ゲラサ人のイエス(2012 礼拝説教・マルコ)

2012.10.14、明治学院教会(290)聖霊降臨節 ㉑

(単立明治学院教会牧師、健作さん79歳)

エレミヤ 1:4-8、マルコ 5:1-20

「自分の家に帰りなさい。そして身内の人に、主があなたを憐れみ、あなたにしてくださったことをことごとく知らせなさい。」(マルコによる福音書 5:19、新共同訳)

1.今日の箇所は「悪霊に取り憑かれたゲラサの人を癒す」物語です。

 キリスト教が整えられ「キリスト論」「贖罪論」「終末論」などと教義にまとめられた中では全く出てこない「民間説話」に基づく古いお話です。
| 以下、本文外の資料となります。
Lemma psd_sum n I (r : seq I) (P : pred I) (F : I -> 'M[C]_n) :
  (forall i, P i -> psd (F i)) -> psd (\sum_(i <- r | P i) F i).
Proof.
move=> psdF; elim/big_rec: _ => [|i y Pi py]; first exact: psd0.
exact: psdD (psdF i Pi) py.
Qed.

Lemma cp_conj n m (B : 'M[C]_(n, m)) :
  completely_positive (fun X => B *m X *m adjmx B).
Proof. by move=> k X pX; rewrite tens_id_conj; exact: psd_conj. Qed.

Lemma cp_sum m n I (r : seq I) (P : pred I) (F : I -> 'M[C]_m -> 'M[C]_n) :
  (forall i, completely_positive (F i)) ->
  completely_positive (fun X => \sum_(i <- r | P i) F i X).
Proof. by move=> cpF k X pX; rewrite tens_id_sum; apply: psd_sum => i _; exact: cpF. Qed.

Lemma cp_comp m n p (f : 'M[C]_n -> 'M[C]_p) (g : 'M[C]_m -> 'M[C]_n) :
  completely_positive f -> completely_positive g ->
  completely_positive (fun X => f (g X)).
Proof. by move=> cpf cpg k X pX; rewrite tens_id_comp; apply/cpf/cpg. Qed.

Lemma eq_cp m n (f g : 'M[C]_m -> 'M[C]_n) :
  f =1 g -> completely_positive f -> completely_positive g.
Proof. by move=> fg cpf k X pX; rewrite -(eq_tens_id X fg); exact: cpf. Qed.

Lemma linmap0 m n (f : 'M[C]_m -> 'M[C]_n) : linmap f -> f 0 = 0.
Proof.
move=> lin; have := lin 1 0 0; rewrite !scale1r !addr0 => f0.
by apply: (@addrI _ (f 0)); rewrite addr0 -f0.
Qed.

Lemma linmapZ m n (f : 'M[C]_m -> 'M[C]_n) c X : linmap f -> f (c *: X) = c *: f X.
Proof. by move=> lin; have := lin c X 0; rewrite (linmap0 lin) !addr0. Qed.

Lemma linmap_mulmx2 m n (B : 'M[C]_(n, m)) (D : 'M[C]_(m, n)) :
  linmap (fun X => B *m X *m D).
Proof. by move=> c X Y; rewrite mulmxDr mulmxDl -scalemxAr -scalemxAl. Qed.

(* The isometry v |-> v (x) e_a. *)
Definition blk_embed n k (a : 'I_k) : 'M[C]_(n * k, n) :=
  \matrix_(i, j) (i == mxtens_index (j, a))%:R.

Lemma blk_embedE n k (a : 'I_k) (i1 : 'I_n) (i2 : 'I_k) p :
  blk_embed n a (mxtens_index (i1, i2)) p = (i2 == a)%:R * (p == i1)%:R.
Proof.
rewrite mxE (inj_eq (can_inj (@mxtens_indexK _ _))) xpair_eqE eq_sym.
by case: (p == i1); case: (i2 == a); rewrite ?mulr1 ?mulr0.
Qed.

Lemma blk_embed_compress n k (a : 'I_k) (Y : 'M[C]_(n * k)) :
  adjmx (blk_embed n a) *m Y *m blk_embed n a = blk Y a a.
Proof.
apply/matrixP=> p q; rewrite !mxE.
under eq_bigr => j _ do (rewrite !mxE; under eq_bigr => i _ do rewrite !mxE rmorph_nat).
under eq_bigr => j _ do rewrite sum_delta_l.
exact: sum_delta_r.
Qed.

Lemma blk_embed_conj n k (a : 'I_k) (Z : 'M[C]_n) :
  blk_embed n a *m Z *m adjmx (blk_embed n a) = Z *t (delta_mx a a : 'M[C]_k).
Proof.
apply/matrixP=> i j.
case: (mxtens_indexP i)=> i1 i2; case: (mxtens_indexP j)=> j1 j2.
rewrite tensmxE [in RHS]mxE [LHS]mxE.
under eq_bigr => q _ do rewrite adjmxE blk_embedE rmorphM !rmorph_nat [X in X * _]mxE.
under eq_bigr => q _ do
  (under eq_bigr => p _ do rewrite blk_embedE -mulrA; rewrite -mulr_sumr sum_delta_l).
under eq_bigr => q _ do rewrite mulrCA -mulrA.
rewrite -!mulr_sumr sum_delta_r.
by case: (j2 == a); case: (i2 == a); rewrite ?(mulr0, mul0r, mulr1, mul1r).
Qed.

Lemma blk_embed_isometry n k (a : 'I_k) :
  adjmx (blk_embed n a) *m blk_embed n a = 1%:M.
Proof. by rewrite -[adjmx _]mulmx1 blk_embed_compress blk1. Qed.

Lemma psd_diag n (s : 'rV[C]_n) : (forall j, 0 <= s 0 j) -> psd (diag_mx s).
Proof.
move=> s_ge0; split.
  apply/matrixP => i j; rewrite adjmxE !mxE eq_sym.
  have [->|_] := eqVneq i j; last by rewrite !mulr0n rmorph0.
  by rewrite !mulr1n conj_Creal // ger0_real.
move=> v; rewrite mul_mx_diag mxE; apply: sumr_ge0 => j _.
by rewrite mxE adjmxE mulrC mulrA mulr_ge0 // mul_conjC_ge0.
Qed.

Lemma psd_spectral n (A : 'M[C]_n) : psd A ->
  exists2 Q : 'M[C]_n, adjmx Q *m Q = 1%:M /\ Q *m adjmx Q = 1%:M &
  exists2 d : 'rV[C]_n, (forall j, 0 <= d 0 j) & A = Q *m diag_mx d *m adjmx Q.
Proof.
move=> [hA pA].
have Aherm : A \is hermsymmx.
  rewrite qualifE /= expr0 scale1r; apply/eqP.
  by rewrite -[LHS]hA; apply/matrixP => i j; rewrite !mxE.
have /hermitian_normalmx /orthomx_spectralP Aeq := Aherm.
set P := spectralmx A in Aeq; set d := spectral_diag A in Aeq.
have Pu : P \is unitarymx := spectral_unitarymx A.
have invP : invmx P = adjmx P.
  by rewrite invmx_unitary //; apply/matrixP => i j; rewrite !mxE.
have PPa : P *m adjmx P = 1%:M by rewrite -invP mulmxV // unitarymx_unit.
have PaP : adjmx P *m P = 1%:M by rewrite -invP mulVmx // unitarymx_unit.
exists (adjmx P); first by rewrite adjmxK.
exists d => [j|]; last by rewrite adjmxK -invP.
have := pA (adjmx P *m delta_mx j 0); rewrite Aeq invP adjmxM adjmxK !mulmxA.
rewrite -[_ *m P *m adjmx P]mulmxA PPa mulmx1 -[_ *m P *m adjmx P]mulmxA PPa mulmx1.
by rewrite adjmx_delta -rowE -colE !mxE eqxx mulr1n.
Qed.

Lemma psd_sqrt_exists n (A : 'M[C]_n) : psd A -> exists S, psd S /\ S *m S = A.
Proof.
move=> /psd_spectral [Q [QaQ _] [d d_ge0 ->]].
pose s := \row_j sqrtC (d 0 j).
exists (Q *m diag_mx s *m adjmx Q); split.
  by apply/psd_conj/psd_diag => j; rewrite mxE sqrtC_ge0.
rewrite -!mulmxA [adjmx Q *m _]mulmxA QaQ mul1mx.
rewrite [diag_mx s *m (diag_mx s *m _)]mulmxA mulmx_diag.
by congr (_ *m (diag_mx _ *m _)); apply/rowP => j; rewrite !mxE -expr2 sqrtCK.
Qed.

Lemma sqrtmP n (A : 'M[C]_n) : psd A -> psd (sqrtm A) /\ sqrtm A *m sqrtm A = A.
Proof.
move=> pA; rewrite /sqrtm; case: excluded_middle_informative => [ex|[]].
  by case: constructive_indefinite_description.
exact: psd_sqrt_exists.
Qed.

Lemma sqrtm_herm n (A : 'M[C]_n) : herm_op (sqrtm A).
Proof.
rewrite /sqrtm; case: excluded_middle_informative => [ex|_].
  by case: constructive_indefinite_description => S [[]].
by rewrite /herm_op adjmx0.
Qed.

Lemma tensmx1_blk_embed z a (W : 'M[C]_z) :
  W *t (1%:M : 'M[C]_a) = \sum_(b < a) blk_embed z b *m W *m adjmx (blk_embed z b).
Proof.
by rewrite mx1_sum_delta tensmx_sumr; apply: eq_bigr => b _; rewrite blk_embed_conj.
Qed.

Lemma ptrace2_compress z a (G : 'M[C]_(z * a)) :
  ptrace2 G = \sum_(b < a) adjmx (blk_embed z b) *m G *m blk_embed z b.
Proof.
under eq_bigr => b _ do rewrite blk_embed_compress.
by apply/matrixP => i j; rewrite summxE !mxE; apply: eq_bigr => b _; rewrite mxE.
Qed.

Lemma psd_ptrace2 z a (G : 'M[C]_(z * a)) : psd G -> psd (ptrace2 G).
Proof.
move=> pG; rewrite ptrace2_compress; apply: psd_sum => b _.
by have := psd_conj (adjmx (blk_embed z b)) pG; rewrite adjmxK.
Qed.

Lemma linmap_ptrace2 z a : linmap (@ptrace2 z a).
Proof.
move=> c X Y; apply/matrixP => i j; rewrite !mxE.
under eq_bigr => b _ do rewrite !mxE.
by rewrite big_split /= -mulr_sumr.
Qed.
(* Let $(\mathcal{X},d)$ be a finite metric space with initial forest given by a partition $\mathcal{P}=\{P_1,\dots,P_t\}$ of $\mathcal{X}$ and spanning trees $T_i$ on the parts with edge union $E_t$, and let $\gamma=\gamma(\mathcal{P})$ be its overlap parameter. Let $R=\{R_i : i\in[t]\}$ with each $R_i\subseteq P_i$ nonempty, and set $$\alpha = 1+\frac{\mathrm{cost}(\mathcal{P},R)}{w_{\mathcal{X}}(E_t)}.$$ Then the spanning tree $\hat T$ returned by $\textsf{MultiRepMFC}(R)$ satisfies $w_{\mathcal{X}}(\hat T)\le \alpha\, w_{\mathcal{X}}(T^* )$, where $T^*$ is an optimal solution of the Metric Forest Completion problem (i.e. it is an $\alpha$-approximation for MFC), and $w_{\mathcal{X}}(\hat T)\le \alpha\gamma\, w_{\mathcal{X}}(T_{\mathcal{X}})$ where $T_{\mathcal{X}}$ is a minimum spanning tree of $G_{\mathcal{X}}$ (i.e. it is an $(\alpha\gamma)$-approximation for metric MST).
   Context: $(\mathcal{X},d)$ is a finite metric space, $\mathcal{X}=\{x_1,\dots,x_n\}$, and $G_{\mathcal{X}}$ is the complete graph on $\mathcal{X}$ with edge weights $w_{\mathcal{X}}(u,v)=d(u,v)$; for an edge set $F$, $w_{\mathcal{X}}(F)=\sum_{e\in F}w_{\mathcal{X}}(e)$. For $A,B\subseteq\mathcal{X}$, $d(A,B)=\min_{a\in A,b\in B}d(a,b)$. An initial forest consists of a partition $\mathcal{P}=\{P_1,\dots,P_t\}$ of $\mathcal{X}$ and, for each $i$, a spanning tree $T_i$ of the complete graph on $P_i$; $E_t$ is the union of the edge sets of the $T_i$. The Metric Forest Completion (MFC) problem is: find a minimum-weight spanning tree of $G_{\mathcal{X}}$ whose edge set contains $E_t$. Overlap parameter: let $\mathcal{T}_{\mathcal{X}}$ be the set of minimum spanning trees of $G_{\mathcal{X}}$ and for $T\in\mathcal{T}_{\mathcal{X}}$ let $T(\mathcal{P})$ be the set of edges of $T$ whose two endpoints lie in the same part of $\mathcal{P}$; then $\gamma(\mathcal{P})=w_{\mathcal{X}}(E_t)/\max_{T\in\mathcal{T}_{\mathcal{X}}}w_{\mathcal{X}}(T(\mathcal{P}))$. Cost: $\mathrm{cost}(P_i,R_i)=\max_{x\in P_i}\min_{r\in R_i}d(x,r)$ and $\mathrm{cost}(\mathcal{P},R)=\sum_{i=1}^t\mathrm{cost}(P_i,R_i)$. Algorithm $\textsf{MultiRepMFC}(R)$: for each pair $i\ne j$ in $[t]$ set $\hat w(v_i,v_j)=\min\{d(P_i,R_j),d(P_j,R_i)\}$ and record a pair of points $(x,y)$ attaining this minimum; compute a minimum spanning tree $\hat T_{\mathcal{P}}$ of the complete graph on nodes $v_1,\dots,v_t$ with weights $\hat w$; return the spanning tree $\hat T$ of $G_{\mathcal{X}}$ consisting of $E_t$ together with the recorded point pairs corresponding to the edges of $\hat T_{\mathcal{P}}$. *)

From HB Require Import structures.
From mathcomp Require Import all_boot all_order all_algebra.
Set Implicit Arguments.
Unset Strict Implicit.
Unset Printing Implicit Defensive.
Import Order.TTheory GRing.Theory Num.Theory.
Local Open Scope ring_scope.

(* minimum / maximum of f over a finite set S (meaningful for S nonempty;
   the default value 0 for empty S is never used in the theorem). *)
Definition fmin {R : realDomainType} {U : finType} (S : {set U}) (f : U -> R) : R :=
  if [pick x in S] is Some x0 then \big[Num.min/f x0]_(x in S) f x else 0.
Definition fmax {R : realDomainType} {U : finType} (S : {set U}) (f : U -> R) : R :=
  if [pick x in S] is Some x0 then \big[Num.max/f x0]_(x in S) f x else 0.

(* weight of an edge e = {x,y} under a (symmetric) weight function c: c x y *)
Definition edge_w {R : realDomainType} {V : finType} (c : V -> V -> R) (e : {set V}) : R :=
  fmin [set p in setX e e | p.1 != p.2] (fun p => c p.1 p.2).

Definition weight {R : realDomainType} {V : finType} (c : V -> V -> R)
  (F : {set {set V}}) : R := \sum_(e in F) edge_w c e.

Definition adj {V : finType} (F : {set {set V}}) : rel V :=
  [rel x y | [set x; y] \in F].

Definition is_spanning_tree {V : finType} (S : {set V}) (F : {set {set V}}) : bool :=
  [&& [forall e in F, (#|e| == 2) && (e \subset S)],
      [forall x in S, forall y in S, connect (adj F) x y] &
      [forall e in F, forall x in e, forall y in e,
          (x != y) ==> ~~ connect (adj (F :\ e)) x y]].

Definition is_MST {R : realDomainType} {V : finType} (S : {set V})
  (c : V -> V -> R) (F : {set {set V}}) : bool :=
  is_spanning_tree S F &&
  [forall F' : {set {set V}}, is_spanning_tree S F' ==> (weight c F <= weight c F')].

Definition is_metric {R : realDomainType} {T : finType} (d : T -> T -> R) : Prop :=
  [/\ forall x y, d x y = 0 <-> x = y,
      forall x y, d x y = d y x &
      forall x y z, d x z <= d x y + d y z].

Definition is_initial_forest {T : finType} (P : {set {set T}})
  (Tr : {set T} -> {set {set T}}) : Prop :=
  partition P [set: T] /\ forall A, A \in P -> is_spanning_tree A (Tr A).

Definition Et {T : finType} (P : {set {set T}}) (Tr : {set T} -> {set {set T}})
  : {set {set T}} := \bigcup_(A in P) Tr A.

Definition is_MFC_opt {R : realDomainType} {T : finType} (d : T -> T -> R)
  (P : {set {set T}}) (Tr : {set T} -> {set {set T}}) (F : {set {set T}}) : bool :=
  [&& is_spanning_tree [set: T] F, Et P Tr \subset F &
      [forall F' : {set {set T}},
         (is_spanning_tree [set: T] F' && (Et P Tr \subset F'))
           ==> (weight d F <= weight d F')]].

Definition within_parts {T : finType} (P : {set {set T}}) (F : {set {set T}})
  : {set {set T}} := [set e in F | [exists A in P, e \subset A]].

Definition gamma_den {R : realDomainType} {T : finType} (d : T -> T -> R)
  (P : {set {set T}}) : R :=
  fmax [set F | is_MST [set: T] d F] (fun F => weight d (within_parts P F)).

Definition gamma {R : realFieldType} {T : finType} (d : T -> T -> R)
  (P : {set {set T}}) (Tr : {set T} -> {set {set T}}) : R :=
  weight d (Et P Tr) / gamma_den d P.

Definition setdist {R : realDomainType} {T : finType} (d : T -> T -> R)
  (A B : {set T}) : R := fmin (setX A B) (fun p => d p.1 p.2).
 ゲラサはガリラヤ湖から60キロ内陸部、デカポリス(十都市連合:デカ”10”+ポリス”都市”)地方の一つです。

Jerash, Jordan

 物語の主人公はゲラサ人で、”レギオン”(ローマ帝国の6000人軍団長)という悪霊に取り憑かれ、凶暴になり墓場に住むことを余儀なくされた、いわば「精神を病むとみなされた人」です。(サイト記:オリジナルの表記はPDFをご覧ください)

 イエスはこの「ゲラサの人」を癒したという奇跡物語です。

「この人から出て行け」(マルコ 5:9)

 というイエスの言葉で、悪霊”レギオン”は近くの2000頭の豚に取り憑き、豚は湖に落ちて溺れ死んだ、というなんとも激しいお話です。

 人々はイエスに、その地方から出て行ってもらいたい、と言います。

 悪霊が出て行った「ゲラサの人」はイエスと一緒に行きたいと願いますが、イエスに次のように言われます。

「自分の家に帰りなさい。そして身内の人に、主があなたを憐れみ、あなたにしてくださったことをことごとく知らせなさい。」(マルコによる福音書 5:19、新共同訳)

 イエスの言葉に従って「ゲラサの人」はデカポリス地方にイエスの出来事を述べ伝えた(ケリュセイン)というお話です。

2.マルコの年代から考えると、初期キリスト教はかなり整った「教え」を持っていました。

 けれども、それを知っていてマルコは、敢えてこういうドロドロした説話を大事にして、伝えています。

 逆に、このお話を私たちは、現代的にあまり「非神話化」(現代的解釈)してしまわないで、このゲラサのイエス物語の持つ重みを感じ取る必要があるのではないか、と思います。

3.マタイ版(マタイ 8:28-34)とルカ版(ルカ 8:28-39)

 このマルコの物語をマタイは短くして、「ゲラサ」をもっとガリラヤ湖に近い「ガダラ」として、「悪霊に取り憑かれた人」を二人にしています(律法の証人規定の二人に基づく)。

 また「イエスによる帰還命令」を省いています。

Gadara, Jordan

  ルカ版ではマルコをほぼ踏襲しますが、悪霊の行く先に「底無しの淵」を加えたり、「デカポリス」を削除したりして、合理化を図っています。

 この物語では、ゲラサやデカポリスの固有さが大事で、それは「宣教」そのものの中身なのです。

4.我々は皆、イエスとの出会いの固有な場と時、そして物語を持っています。

 そこが大事なのです。

 概念化・抽象化・教義化は福音の事柄の整理・思考の過程では必要でしょう。

 しかし、概念が「福音」ではないのです。

 ドロドロした経験談、私にしかない物語、つまり

 主があなたを憐れみ、あなたにしてくださったこと(マルコ 5:19、新共同訳)

 を自覚して、イエスとの出会いの物語を語る、そのこと、そのものが大事なのです。

5.遠藤周作の語り

「私が洗礼を受けたのは、私の意思ではなく、母の選択でした。神の愛を信じる母にとって、信仰は、この世の最高の宝でした。自分にとって最高のものを、母は私に伝えたのです。それが母として子に与えることのできるかけがえのない贈り物だったのです。私はこれからも悩み、もがき、ため息をつきながら生きてゆくでしょう。でも、私にはっきりわかっていることが一つあります。それは、母が私を結びつけた神から決して離れないだろうということです。」遠藤周作の語りです。